Definition is_mate (c d : GA) : Prop :=
  mul_is_one c d /\ forall d' : GA, mul_is_one c d' -> (#|` supp d| <= #|` supp d'|)%N.

Definition S_set (c : GA) : {fset G} :=
  [fset (h^-1 * h')%g | h in supp c, h' in (supp c `\ h)].

Definition quad := (G * G * G * G)%type.
Definition qswap (q : quad) : quad :=
  let: (h, h', g, g') := q in (h', h, g', g).
Definition edge_of (q : quad) : {fset quad} := [fset q; qswap q].

Definition valid_quad (c d : GA) (q : quad) : Prop :=
  let: (h, h', g, g') := q in
  [/\ h \in supp c, h' \in supp c, g \in supp d, g' \in supp d
    & g != g' /\ (h * g)%g = (h' * g')%g].

Definition is_U_edge (c d : GA) (e : {fset quad}) : Prop :=
  exists q : quad, valid_quad c d q /\ e = edge_of q.

Definition U_vertex (c d : GA) := {g : G | g \in supp d}.
Definition U_edge (c d : GA) := {e : {fset quad} | is_U_edge c d e}.

Definition joins (e : {fset quad}) (u v : G) : Prop :=
  exists h h' : G, e = edge_of (h, h', u, v).

Definition U_vadj (c d : GA) (u v : U_vertex c d) : Prop :=
  exists e : U_edge c d, joins (proj1_sig e) (proj1_sig u) (proj1_sig v).

Definition U_eadj (c d : GA) (e1 e2 : U_edge c d) : Prop :=
  exists w x y : G, joins (proj1_sig e1) w x /\ joins (proj1_sig e2) w y.

Definition U_iso (c d c' d' : GA) : Prop :=
  exists (phi : U_vertex c d -> U_vertex c' d') (psi : U_edge c d -> U_edge c' d'),
    [/\ bijective phi, bijective psi,
        (forall u v, U_vadj u v <-> U_vadj (phi u) (phi v))
      & (forall e1 e2, U_eadj e1 e2 <-> U_eadj (psi e1) (psi e2))].

End GroupAlgebra.

From mathcomp Require Import all_boot all_order all_algebra.
From mathcomp Require Import finmap.
From Stdlib Require Import Classical ProofIrrelevance.
Set Implicit Arguments. Unset Strict Implicit. Unset Printing Implicit Defensive.
Local Open Scope ring_scope.
Local Open Scope fset_scope.

(* Since |S_a| = 10 < 12 = 4 * 3, two quotients h^-1 h' of distinct elements of
   supp(a) coincide: h1^-1 h2 = h3^-1 h4 with h1 <> h3.  If h3 = h2 or h4 = h1,
   translating supp(a) so that the element shared by the two pairs becomes 1
   brings it to the form {1, x, x^-1, y}; torsion-freeness rules out h3 = h2 and
   h4 = h1 together, which would make x an involution.  Otherwise h1, h2, h3, h4
   are distinct and translating by h1^-1 gives {1, x, y, xy}.
   Replacing a, b by t a and b t^-1 keeps a b = 1 and does not change U(a, b)
   up to isomorphism, because h g = h' g' iff (t h)(g t^-1) = (t h')(g' t^-1). *)

Section FiniteSets.
Variable T : choiceType.
Implicit Types (A : {fset T}) (s : seq T) (x : T).
Lemma descending_family (Q : T -> (PK K L -> Prop) -> Prop) :
  (forall t q, D q -> exists p, D p /\ le_I K L I p q /\ Q t p) ->
  exists P : T -> PK K L -> Prop, forall t,
    D (P t) /\ (forall s, R s t -> le_I K L I (P t) (P s)) /\ Q t (P t).
Proof.
  intro Hext.
  assert (Hstep : forall t h, exists p,
    D p /\ Q t p /\ (descending_below t h -> forall s H, le_I K L I p (h s H))).
  { intros t h.
    assert (HB : exists B, D B /\ (descending_below t h -> forall s H, le_I K L I B (h s H))).
    { destruct (classic (descending_below t h)) as [Hdes|Hndes].
      - destruct (Hh t) as [a Ha].
        destruct (branch_lower_bound t a h Ha Hdes) as [B [DB HB]]. eauto.
      - destruct (proj2 Hd (fun _ => True) (proj1 (proj2 Hid))) as [B [DB _]].
        exists B. split; [exact DB | contradiction]. }
    destruct HB as [B [DB HB]]. destruct (Hext t B DB) as [p (Dp & HpB & Qp)].
    exists p. split; [exact Dp | split; [exact Qp|]].
    intros Hdes s H. apply le_I_trans with B; auto. }
  pose (step t h := proj1_sig (constructive_indefinite_description _ (Hstep t h))).
  pose (P := Fix (tree_well_founded T R Htree) (fun _ => PK K L -> Prop) step).
  assert (Punfold : forall t, P t = step t (fun s _ => P s)).
  { intro t. apply (Fix_eq _ _ step). intros x f1 f2 Hf.
    replace f2 with f1; [reflexivity|].
    apply functional_extensionality_dep; intro y.
    apply functional_extensionality_dep; intro Hy. apply Hf. }
  exists P. intro t. induction t as [t IH] using (well_founded_ind (tree_well_founded T R Htree)).
  pose proof (proj2_sig (constructive_indefinite_description _ (Hstep t (fun s _ => P s))))
    as (Dp & Qp & Hbelow).
  fold (step t (fun s _ => P s)) in Dp, Qp, Hbelow. rewrite <- Punfold in Dp, Qp, Hbelow.
  split; [exact Dp | split; [|exact Qp]].
  intros s Hs. apply (Hbelow (conj (fun s H => proj1 (IH s H))
                                  (fun s s' H H' Hss' => proj1 (proj2 (IH s' H')) s Hss')) s Hs).
Qed.
Lemma exists_odd_level_rep :
  exists2 o, odd o & forall v, v \in M -> 2 ^ logn 2 v * o \in M.
Proof.
pose C := 1 :: [seq o <- M | odd o].
have le_tr : transitive (fun x y => ndvd k x <= ndvd k y) by move=> y x z; apply: leq_trans.
have le_total : total (fun x y => ndvd k x <= ndvd k y) by move=> x y; apply: leq_total.
have [o oC o_min] := exists_extremum le_tr le_total (mem_head 1 [seq o <- M | odd o]).
have o_cases : o = 1 \/ o \in M /\ odd o.
  by move: oC; rewrite inE mem_filter => /predU1P[-> | /andP[]]; [left | right].
have odd_o : odd o by case: o_cases => [-> | []].
exists o => // v vM; have v_pos := M_pos vM.
have [Ev odd_o'] := odd_part_decomp v_pos.
set a := logn 2 v in Ev *; set o' := v`_2^' in Ev odd_o' *.
have ndvd_2o x : odd x -> ndvd k (2 ^ a * x) = minn (ndvd k (2 ^ a)) (ndvd k x).
  by move=> odd_x; apply: ndvd_mul_coprime => //; rewrite coprimeXl // coprime2n.
have odd_ndvd_v : odd (minn (ndvd k (2 ^ a)) (ndvd k o')) by rewrite -ndvd_2o // -Ev -mem_M.
rewrite mem_M ?muln_gt0 ?expn_gt0 ?(odd_gt0 odd_o) // ndvd_2o //.
set g := ndvd k (2 ^ a) in odd_ndvd_v *.
have le_gk : g <= size k := ndvd_le_size k _.
case: (leqP g (ndvd k o)) => [le_go | lt_og].
  move: odd_ndvd_v; case: (leqP g (ndvd k o')) => // lt_o'g odd_o'_ndvd.
  have o'C : o' \in C by rewrite inE mem_filter odd_o' mem_M ?odd_gt0 // odd_o'_ndvd orbT.
  by have := o_min o' o'C; lia.
case: o_cases => [o1 | [oM _]]; last by rewrite -mem_M ?M_pos.
by move: lt_og; rewrite o1 ndvd1 // ltnNge le_gk.
Qed.

Hypothesis uniq_M : uniq M.

Lemma exists_spanning_2path v0 : v0 \in M ->
  exists s, ppath M 2 s /\
    forall v, v \in M -> exists2 w, w \in s & same_pplane M 2 v w.
Proof.
move=> v0M; have [o odd_o rep_M] := exists_odd_level_rep.
exists (odd_part_chain M o); split.
  apply: ppath_odd_part_chain => //; apply/hasP; exists (2 ^ logn 2 v0 * o).
    exact: rep_M.
  by rewrite odd_part_pow2_mul.
move=> v vM; exists (2 ^ logn 2 v * o).
  by rewrite mem_odd_part_chain rep_M // odd_part_pow2_mul ?eqxx.
by apply: (same_pplane_level (r := 2)); rewrite ?rep_M ?logn2_pow2_mul.
Qed.

End OddDivisorCounts.

Local Open Scope ring_scope.

Theorem lemma6p8 (k : seq nat) (M : seq nat) :
  (forall j, j \in k -> (0 < j)%N) ->
  sorted (fun a b => b %| a)%N k ->
  uniq M -> (forall m, m \in M -> (0 < m)%N) ->
  (forall z : algC,
     \sum_(j < size k) (-1) ^+ j * Lambda (nth 0%N k j) z
     = \sum_(m <- M) Psi m z) ->
  M = [::] \/
  ((exists2 m1, m1 \in M &
      (forall m, m \in M -> (m <= m1)%N) /\
      (forall v, v \in M -> reachable M m1 v)) /\
   (exists s, ppath M 2 s /\
      forall v, v \in M -> exists2 w, w \in s & same_pplane M 2 v w)).
Proof.
move=> k_pos k_chain uniq_M M_pos sums_eq.
have mem_M := mem_odd_ndvd k_pos k_chain uniq_M sums_eq.
case: M uniq_M M_pos mem_M {sums_eq} => [|v0 M'] uniq_M M_pos mem_M; first by left.
right; split.
  exact: (exists_root k_chain M_pos mem_M (mem_head v0 M')).
exact: (exists_spanning_2path k_chain M_pos mem_M uniq_M (mem_head v0 M')).
Qed.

══════════════════════════════

* [TASK TO COMPLETE]
Return word for word the lines above from the line with "[/\ bijective phi, bijective" to the line with "translating supp(a) so", including both and leaving out all others.

* [SOLUTION]
    [/\ bijective phi, bijective psi,
        (forall u v, U_vadj u v <-> U_vadj (phi u) (phi v))
      & (forall e1 e2, U_eadj e1 e2 <-> U_eadj (psi e1) (psi e2))].

End GroupAlgebra.

From mathcomp Require Import all_boot all_order all_algebra.
From mathcomp Require Import finmap.
From Stdlib Require Import Classical ProofIrrelevance.
Set Implicit Arguments. Unset Strict Implicit. Unset Printing Implicit Defensive.
Local Open Scope ring_scope.
Local Open Scope fset_scope.

(* Since |S_a| = 10 < 12 = 4 * 3, two quotients h^-1 h' of distinct elements of
   supp(a) coincide: h1^-1 h2 = h3^-1 h4 with h1 <> h3.  If h3 = h2 or h4 = h1,
   translating supp(a) so that the element shared by the two pairs becomes 1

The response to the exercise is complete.